Нельзя полностью согласиться с исследовательницей, что причина низкого уровня технологического развития тунгусов объясняется якобы затратой ими колоссальных усилий на освоение тайги. Такой вывод не может считаться исчерпывающим, поскольку не учитывается целый ряд иных факторов, в первую очередь, связанных с высокой степенью культурной изолированности населения Сибири в дорусское время. Население тайги даже по сравнению с жителями более южных лесостепных районов было в значительно большей степени отрезано от контактов с внешним миром и потому уровень развития культуры населения по зоне тайги Сибири был, приблизительно, одинаков. В этом отношении вполне правомерны сравнения уровней развития культур, например, сибирских татар, телеутов, енисейских кыргызов и бурятов между собой, и жителей зоны тайги между собой (обских угров, кетов, самодийцев, селькупов и тунгусов). Население же Северо-Востока и Аляски, где на ряде территорий существовали весьма благоприятные климатические и природные условия, заметно отличавшиеся в лучшую сторону от условий таежной зоны правобережья Енисея, вовсе жило в условиях фактически каменного века. В первую очередь, отсталость была связана именно с изоляцией, которая была прервана только в русское время и что является важной исторической заслугой русских людей.

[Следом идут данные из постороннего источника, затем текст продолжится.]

Lemma half_class_renumber {A : {set 'I_8}} : half_class Nc Nhat L w A ->
  exists s : 'S_8,
    generated_with_half P L (- \sum_(i < 8 | (i < #|A|)%N) Nc (s i)) /\
    exists z, z *+ 2 = L - \sum_(i < 8 | (#|A| <= i)%N) Nc (s i).
Proof.
move=> hA; have [s [sumA sumAC]] := perm_front_sum A Nc.
exists s; rewrite sumA sumAC; split.
  have [z [z2 /hP P_wz]] := hA; exists z; split; first exact: z2.
  apply: generates_with_shift P_wz gen_w => [x y /hP nx /hP ny | x m /hP nx];
    apply/hP; [exact: nikulin_spanD | exact: nikulin_spanMz].
by have [z [z2 _]] := half_class_setC hA; exists z.
Qed.

End HalfClasses.

Theorem corollary3p4
  (NS : zmodType) (b : NS -> NS -> int)
  (hb_add : forall x y z : NS, b (x + y) z = b x z + b y z)
  (hb_sym : forall x y : NS, b x y = b y x)
  (heven : forall x : NS, (2 %| b x x)%Z)
  (hrank : exists e : 'I_9 -> NS, is_Zbasis e)
  (Nc : 'I_8 -> NS)
  (hN : forall i j : 'I_8, b (Nc i) (Nc j) = if i == j then -2 else 0)
  (Nhat : NS) (hNhat : Nhat *+ 2 = \sum_(i < 8) Nc i)
  (hnik : forall x : NS, sat_span Nc x <-> nikulin_span Nc Nhat x)
  (L : NS) (d : int)
  (hL : forall x : NS, perp b (sat_span Nc) x <-> exists k : int, x = L *~ k)
  (hL2 : b L L = 2 * d) (hd : 0 < d) (hL4 : (4 %| b L L)%Z)
  (hne : ~ generated_by (sat_span Nc) L)
  (hgen : exists v : NS, sat_span Nc v /\ generated_with_half (sat_span Nc) L v) :
  ((b L L %% 8)%Z = 4 ->
     exists s : 'S_8,
       generated_with_half (sat_span Nc) L (- (Nc (s (inord 0)) + Nc (s (inord 1))))
       /\ exists w : NS, w *+ 2 = L - \sum_(i < 8 | (2 <= i)%N) Nc (s i))
  /\
  ((b L L %% 8)%Z = 0 ->
     exists s : 'S_8,
       generated_with_half (sat_span Nc) L (- \sum_(i < 8 | (i < 4)%N) Nc (s i))
       /\ exists w : NS, w *+ 2 = L - \sum_(i < 8 | (4 <= i)%N) Nc (s i)).
Proof.
(* [hrank], [hL4] and [hne] are not needed: the two cases already fix L^2 mod 8,
   and [hL] with L^2 <> 0 excludes L/2 from NS. *)
have Lperp y : sat_span Nc y -> b L y = 0 by apply: (hL L).2; exists 1; rewrite mulr1z.
have L_not_halvable : ~ exists u, u *+ 2 = L.
  by apply: (perp_generator_not_halvable hb_add hL); rewrite hL2; lia.
case: hgen => v [Pv [w [w2 gen_w]]].
have LN0 : b L (Nc ord0) = 0 by apply/Lperp/hnik/nikulin_span_Nc.
have [x def_v] := nikulin_span_half_comb hb_add hN hNhat LN0 ((hnik v).1 Pv) w2.
rewrite {}def_v in w2 Pv.
have hS := half_class_odd_set (Nhat := Nhat) w2.
have := card_odd_set_mod8 hb_add hN hb_sym heven (Lperp _ Pv) w2.
move: (odd_set x) hS => S hS cardS.
have hSC := half_class_setC hNhat hS.
have S_gt0 := half_class_card_gt0 L_not_halvable hS.
have SC_gt0 := half_class_card_gt0 L_not_halvable hSC.
have cardSC : (#|S| + #|~: S|)%N = 8%N by rewrite cardsC card_ord.
have renumber := half_class_renumber hNhat hnik gen_w.
split=> L2_mod8.
  have [S2 | SC2] : #|S| = 2%N \/ #|~: S| = 2%N by lia.
    have [s [gen_s half_s]] := renumber _ hS.
    by exists s; rewrite S2 big_ord_lt2 in gen_s; rewrite S2 in half_s.
  have [s [gen_s half_s]] := renumber _ hSC.
  by exists s; rewrite SC2 big_ord_lt2 in gen_s; rewrite SC2 in half_s.
have S4 : #|S| = 4%N by lia.
by have := renumber _ hS; rewrite S4.
Qed.
Lemma is_derive_coord u s i :
  derivable u s 1 -> is_derive s 1 (fun r => vc (u r) i) (vc (derive1 u s) i).
Proof.
move=> du.
have cvg_u : (fun h : R => h^-1 *: ((u \o shift s) (h *: 1) - u s)) @ 0^' --> 'D_1 u s.
  exact: du.
have cvg_i := cvg_comp _ _ cvg_u (@coord_continuous R 1 n ord0 i ('D_1 u s)).
have quotient_i : (fun M : 'rV[R]_n => M ord0 i) \o
      (fun h : R => h^-1 *: ((u \o shift s) (h *: 1) - u s))
    = (fun h : R => h^-1 *: (((fun r => vc (u r) i) \o shift s) (h *: 1) - vc (u s) i)).
  by apply: funext => h /=; rewrite /vc !mxE.
rewrite quotient_i in cvg_i.
apply: DeriveDef; first by apply/cvg_ex; eexists; exact: cvg_i.
by rewrite derive1E; exact: cvg_lim cvg_i.
Qed.

Lemma continuous_within_vdot u v A :
  {within A, continuous u} -> {within A, continuous v} ->
  {within A, continuous (fun r => vdot (u r) (v r))}.
Proof.
move=> cu cv; apply: continuous_within_sum => j.
by apply: continuous_withinM; exact: continuous_within_coord.
Qed.

Lemma continuous_within_sum_coord u A :
  {within A, continuous u} -> {within A, continuous (fun r => \sum_j vc (u r) j)}.
Proof. by move=> cu; apply: continuous_within_sum => j; exact: continuous_within_coord. Qed.

Lemma is_derive_vdot u v s : derivable u s 1 -> derivable v s 1 ->
  is_derive s 1 (fun r => vdot (u r) (v r))
    (vdot (u s) (derive1 v s) + vdot (derive1 u s) (v s)).
Proof.
move=> du dv; rewrite /vdot -big_split /= -fct_sumE; apply: is_derive_sum => j.
rewrite [vc (derive1 u s) j * _]mulrC.
by have := is_deriveM (is_derive_coord j du) (is_derive_coord j dv).
Qed.

Lemma is_derive_sum_coord u s : derivable u s 1 ->
  is_derive s 1 (fun r => \sum_j vc (u r) j) (\sum_j vc (derive1 u s) j).
Proof.
by move=> du; rewrite -fct_sumE; apply: is_derive_sum => j; exact: is_derive_coord.
Qed.

End RowCurves.
(* Let $R$ be a ring, let $\mathcal C$ be a full subcategory of $\operatorname{Mod-}R$ all of whose objects are indecomposable right $R$-modules, and let $\mathcal P,\mathcal Q$ be completely prime ideals of $\mathcal C$ such that for every $A\in\operatorname{Ob}(\mathcal C)$ an endomorphism $f\colon A\to A$ is an automorphism if and only if $f\notin\mathcal P(A,A)\cup\mathcal Q(A,A)$. Assume $\mathcal C$ satisfies Condition (DSP). Let $A,B,C\in\operatorname{Ob}(\mathcal C)$ with $[C]_{\mathcal P}=[A]_{\mathcal P}$ and $[C]_{\mathcal Q}=[B]_{\mathcal Q}$. Then there exists $D\in\operatorname{Ob}(\mathcal C)$ with $A\oplus B\cong C\oplus D$. Moreover $[D]_{\mathcal P}=[B]_{\mathcal P}$ and $[D]_{\mathcal Q}=[A]_{\mathcal Q}$.
   Context: A completely prime ideal $\mathcal P$ of a full subcategory $\mathcal C$ of $\operatorname{Mod-}R$ consists of a subgroup $\mathcal P(A,B)$ of $\operatorname{Hom}_R(A,B)$ for each pair of objects $A,B$ of $\mathcal C$ such that: (1) for all objects $A,B,C$ and morphisms $f\colon A\to B$, $g\colon B\to C$, one has $gf\in\mathcal P(A,C)$ if and only if $f\in\mathcal P(A,B)$ or $g\in\mathcal P(B,C)$; (2) $\mathcal P(A,A)\neq\operatorname{Hom}_R(A,A)$ for every object $A$. For objects $A,B$, write $[A]_{\mathcal P}=[B]_{\mathcal P}$ (''same $\mathcal P$ class'') if $\mathcal P(A,B)\ne\operatorname{Hom}_R(A,B)$ and $\mathcal P(B,A)\neq\operatorname{Hom}_R(B,A)$. $\mathcal C$ satisfies Condition (DSP) if whenever $A,B,C,D$ are right $R$-modules with $A\oplus B\cong C\oplus D$ and $A,B,C\in\operatorname{Ob}(\mathcal C)$, then $D\in\operatorname{Ob}(\mathcal C)$. *)

From HB Require Import structures.
From mathcomp Require Import all_boot all_order all_algebra.
Set Implicit Arguments. Unset Strict Implicit. Unset Printing Implicit Defensive.
Import GRing.Theory.
Local Open Scope ring_scope.

(* Right R-modules = left modules over the converse ring R^c. *)
Definition rmod (R : pzRingType) := lmodType (GRing.converse R).

Definition rhom (R : pzRingType) (A B : rmod R) (f : A -> B) : Prop := linear f.

Definition riso (R : pzRingType) (A B : rmod R) (f : A -> B) : Prop :=
  rhom f /\ bijective f.
Definition risomorphic (R : pzRingType) (A B : rmod R) : Prop :=
  exists f : A -> B, riso f.

Definition dsum (R : pzRingType) (A B : rmod R) : rmod R := (A * B)%type.

Definition submodule (R : pzRingType) (A : rmod R) (S : A -> Prop) : Prop :=
  S 0 /\ (forall x y, S x -> S y -> S (x + y)) /\
  (forall (r : GRing.converse R) x, S x -> S (r *: x)).

Definition indecomposable (R : pzRingType) (A : rmod R) : Prop :=
  (exists x : A, x <> 0) /\
  forall S T : A -> Prop, submodule S -> submodule T ->
    (forall x, S x -> T x -> x = 0) ->
    (forall x, exists s t, S s /\ T t /\ x = s + t) ->
    (forall x, S x -> x = 0) \/ (forall x, T x -> x = 0).

(* An assignment of a set of maps P(A,B) to each pair of modules;
   only its values on objects of the subcategory matter. *)
Definition morclass (R : pzRingType) :=
  forall A B : rmod R, (A -> B) -> Prop.

Record completely_prime_ideal (R : pzRingType) (Ob : rmod R -> Prop)
    (P : morclass R) : Prop := {
  cpi_hom : forall A B : rmod R, Ob A -> Ob B ->
    forall f : A -> B, P A B f -> rhom f;
  cpi_zero : forall A B : rmod R, Ob A -> Ob B -> P A B (fun _ => 0);
  cpi_sub : forall A B : rmod R, Ob A -> Ob B -> forall f g : A -> B,
    P A B f -> P A B g -> P A B (fun x => f x - g x);
  cpi_prime : forall A B C : rmod R, Ob A -> Ob B -> Ob C ->
    forall (f : A -> B) (g : B -> C), rhom f -> rhom g ->
    (P A C (g \o f) <-> P A B f \/ P B C g);
  cpi_proper : forall A : rmod R, Ob A ->
    exists f : A -> A, rhom f /\ ~ P A A f
}.

Definition P_ne_hom (R : pzRingType) (P : morclass R) (A B : rmod R) : Prop :=
  exists f : A -> B, rhom f /\ ~ P A B f.

Definition same_class (R : pzRingType) (P : morclass R) (A B : rmod R) : Prop :=
  P_ne_hom P A B /\ P_ne_hom P B A.

Definition DSP (R : pzRingType) (Ob : rmod R -> Prop) : Prop :=
  forall A B C D : rmod R,
    risomorphic (dsum A B) (dsum C D) -> Ob A -> Ob B -> Ob C -> Ob D.

From HB Require Import structures.
From mathcomp Require Import all_boot all_order all_algebra.
From Stdlib Require Import Classical_Prop FunctionalExtensionality.
Set Implicit Arguments. Unset Strict Implicit. Unset Printing Implicit Defensive.
Import GRing.Theory.
Local Open Scope ring_scope.

(* Write [[C]_P = [A]_P] and [[C]_Q = [B]_Q] through maps f : C -> A, f' : A -> C
   outside P and g : C -> B, g' : B -> C outside Q.  It suffices to find
   i : C -> A (+) B and pi : A (+) B -> C whose composite avoids P and Q: it is
   then an automorphism, so C splits off A (+) B with complement D, and D lands
   in the P-class (resp. Q-class) of a summand S as soon as the S-components of
   i or of pi lie in P (resp. Q), because 1_S minus an element of P factors
   through D.  If f'f avoids Q, take i = (f, 0) and pi = f' o pr_A; then D is
   in the classes of B, and [B]_Q = [C]_Q = [A]_Q.  Symmetrically if g'g
   avoids P.  Otherwise f'f is in Q and g'g is in P, and i = (f, g),
   pi = f' o pr_A + g' o pr_B work, since pi o i = f'f + g'g avoids both
   ideals. *)

Section ModuleMaps.
Variable R : pzRingType.
Implicit Types X Y Z : rmod R.

Lemma rhomD X Y (f : X -> Y) : rhom f -> {morph f : u v / u + v}.
Proof. by move=> hf u v; rewrite -{1}(scale1r u) hf scale1r. Qed.

Lemma rhomB X Y (f : X -> Y) : rhom f -> {morph f : u v / u - v}.
Proof. by move=> hf u v; apply: (addIr (f v)); rewrite -rhomD // !subrK. Qed.

Lemma rhom0 X Y (f : X -> Y) : rhom f -> f 0 = 0.
Proof. by move=> hf; rewrite -(subrr 0) rhomB // subrr. Qed.

Lemma rhom_id X : rhom (fun x : X => x).
Proof. by []. Qed.

Lemma rhom_comp X Y Z (f : X -> Y) (g : Y -> Z) :
  rhom f -> rhom g -> rhom (g \o f).
Proof. by move=> hf hg a u v; rewrite /= hf hg. Qed.

Lemma rhom_can X Y (f : X -> Y) (g : Y -> X) :
  rhom f -> cancel f g -> cancel g f -> rhom g.
Proof. by move=> hf fK gK a u v; apply: (can_inj fK); rewrite hf !gK. Qed.

Lemma rhom_inl X Y : rhom (fun x : X => ((x, 0) : dsum X Y)).
Proof. by move=> a x y; rewrite -[RHS]/(a *: x + y, a *: 0 + 0) scaler0 addr0. Qed.

Lemma rhom_inr X Y : rhom (fun y : Y => ((0, y) : dsum X Y)).
Proof. by move=> a x y; rewrite -[RHS]/(a *: 0 + 0, a *: x + y) scaler0 addr0. Qed.

Lemma rhom_fst X Y : rhom (fun z : dsum X Y => z.1).
Proof. by []. Qed.

Lemma rhom_snd X Y : rhom (fun z : dsum X Y => z.2).
Proof. by []. Qed.

End ModuleMaps.

Definition rker (R : pzRingType) (X Y : rmod R) (p : X -> Y) (hp : rhom p) :
  {pred X} := [pred x | p x == 0].

Lemma rker_submod_closed (R : pzRingType) (X Y : rmod R) (p : X -> Y)
  (hp : rhom p) : GRing.submod_closed (rker hp).
Proof.
split; first by rewrite inE /= rhom0.
by move=> a u v; rewrite !inE /= hp => /eqP -> /eqP ->; rewrite scaler0 addr0.
Qed.

HB.instance Definition _ (R : pzRingType) (X Y : rmod R) (p : X -> Y)
  (hp : rhom p) := GRing.isSubmodClosed.Build _ _ (rker hp) (rker_submod_closed hp).
(* The closed form, choosing the root [L <= 1/2]. *)
Theorem quadratic_series_sum x : Rabs x < / 4 ->
  is_series (fun n => a n * x ^ n) ((1 - sqrt (1 - 4 * x + 4 * c * x ^ m)) / 2).
Proof.
  intros Hx.
  destruct (ex_series_Rabs _ (abs_series_converges x Hx)) as [L HL]. change R in L.
  pose proof (series_quadratic x L Hx HL) as Quad.
  pose proof (series_le_root x L Hx HL) as Le.
  pose proof (sqrt_pos (1 - 4 * Rabs x)).
  assert (Disc : 1 - 4 * x + 4 * c * x ^ m = (1 - 2 * L) * (1 - 2 * L)) by nra.
  rewrite Disc, sqrt_square by lra.
  replace ((1 - (1 - 2 * L)) / 2) with L by field. exact HL.
Qed.

End QuadraticSeries.

Lemma Z_of_nat_fold_sum (h : nat -> nat) s : Z.of_nat (fold_right Nat.add 0%nat (map h s)) =
  fold_right Z.add 0%Z (map (fun i => Z.of_nat (h i)) s).
Proof. induction s; simpl; auto. rewrite Nat2Z.inj_add, IHs. reflexivity. Qed.

Lemma INR_fold_sum (h : nat -> nat) s : INR (fold_right Nat.add 0%nat (map h s)) =
  fold_right Rplus 0 (map (fun i => INR (h i)) s).
Proof. induction s; simpl; auto. rewrite plus_INR, IHs. reflexivity. Qed.

Lemma sum_f_R0_seq (g : nat -> R) n : (1 <= n)%nat ->
  sum_f_R0 g n = g 0%nat + g n + fold_right Rplus 0 (map g (seq 1 (n - 1))).
Proof.
  intros Hn. induction n as [|n IH]; [lia|].
  destruct (Nat.eq_dec n 0) as [->|Hn0]; [simpl; ring|].
  cbn [sum_f_R0]. rewrite IH by lia.
  replace (S n - 1)%nat with (S (n - 1)) by lia.
  rewrite seq_S, map_app, fold_right_app. replace (1 + (n - 1))%nat with n by lia.
  assert (Hf : forall l c, fold_right Rplus c l = c + fold_right Rplus 0 l).
  { induction l as [|y l IHl]; intros; simpl; [ring|rewrite IHl; ring]. }
  simpl. rewrite (Hf _ (g n + 0)). ring.
Qed.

Не совсем полно проработаны исследовательницей некоторые вопросы, связанные с причинами миграций тунгусов в русское время, уменьшений их численности в отдельных районах. Нет полных сведений о причинах миграций и судьбах тех групп тунгусов, которые переселились на левобережье Енисея. Не отмечены все такие факты и на приведенных в статье картах расселения тунгусов. Автором совершенно забыто такое важное явление в жизни коренных жителей, как эпидемии, которые были известны в регионе вплоть до середины XIX в. и служили важным фактором, определявшим и колебания численности, и миграции населения. Например, резкое уменьшение уже в начале XVIII в. численности тунгусов в Ангарском районе объясняется в статье миграциями в связи с русским крестьянским освоением данной территории, нежеланием тунгусов терпеть стеснения в своих традиционных хозяйственных занятиях и т. п. При этом забывается, что именно тогда здесь свирепствовала эпидемия, от которой и бежала часть тунгусов. Таким образом, не с пассионарностью, о которой много и неоправданно говорит автор, была связана такая передвижка, а с обычным инстинктом самосохранения людей, также как и явно не с недостатком пассионарности были связаны процессы обрусения оставшейся части тунгусов. Нежелание смешиваться с русскими людьми характеризуется Н. В. Ермоловой в данном случае как свидетельство «пассионарности» для части тунгусов, в то время как для русских людей в статье другого автора данного сборника процессы смешения с коренными жителями, например, используются в контексте высокой пассионарности последних (стр. 247). Пожалуй, именно увлечение теориями пассионарности, регенерации, некритическое применение их в отношении тунгусов, частое использование в работе вместе с неоднократными ссылками на толерантность и пассионарность русских людей составляют основной недостаток исследования, как впрочем, и некоторых других работ, помещенных в данном сборнике. Подобные построения в статье, посвященной этнической истории населения, входившего в состав централизованного государства, по большей части выглядят надуманными, искусственными и внутренне противоречивыми, портящими впечатление от хорошей работы, успешно решающей ряд актуальных научных задач. Конечно, сборник посвящен памяти Л.  Н.  Гумилева, однако использование его теоретических построений, несомненно, могло быть проведено в более взвешенном виде.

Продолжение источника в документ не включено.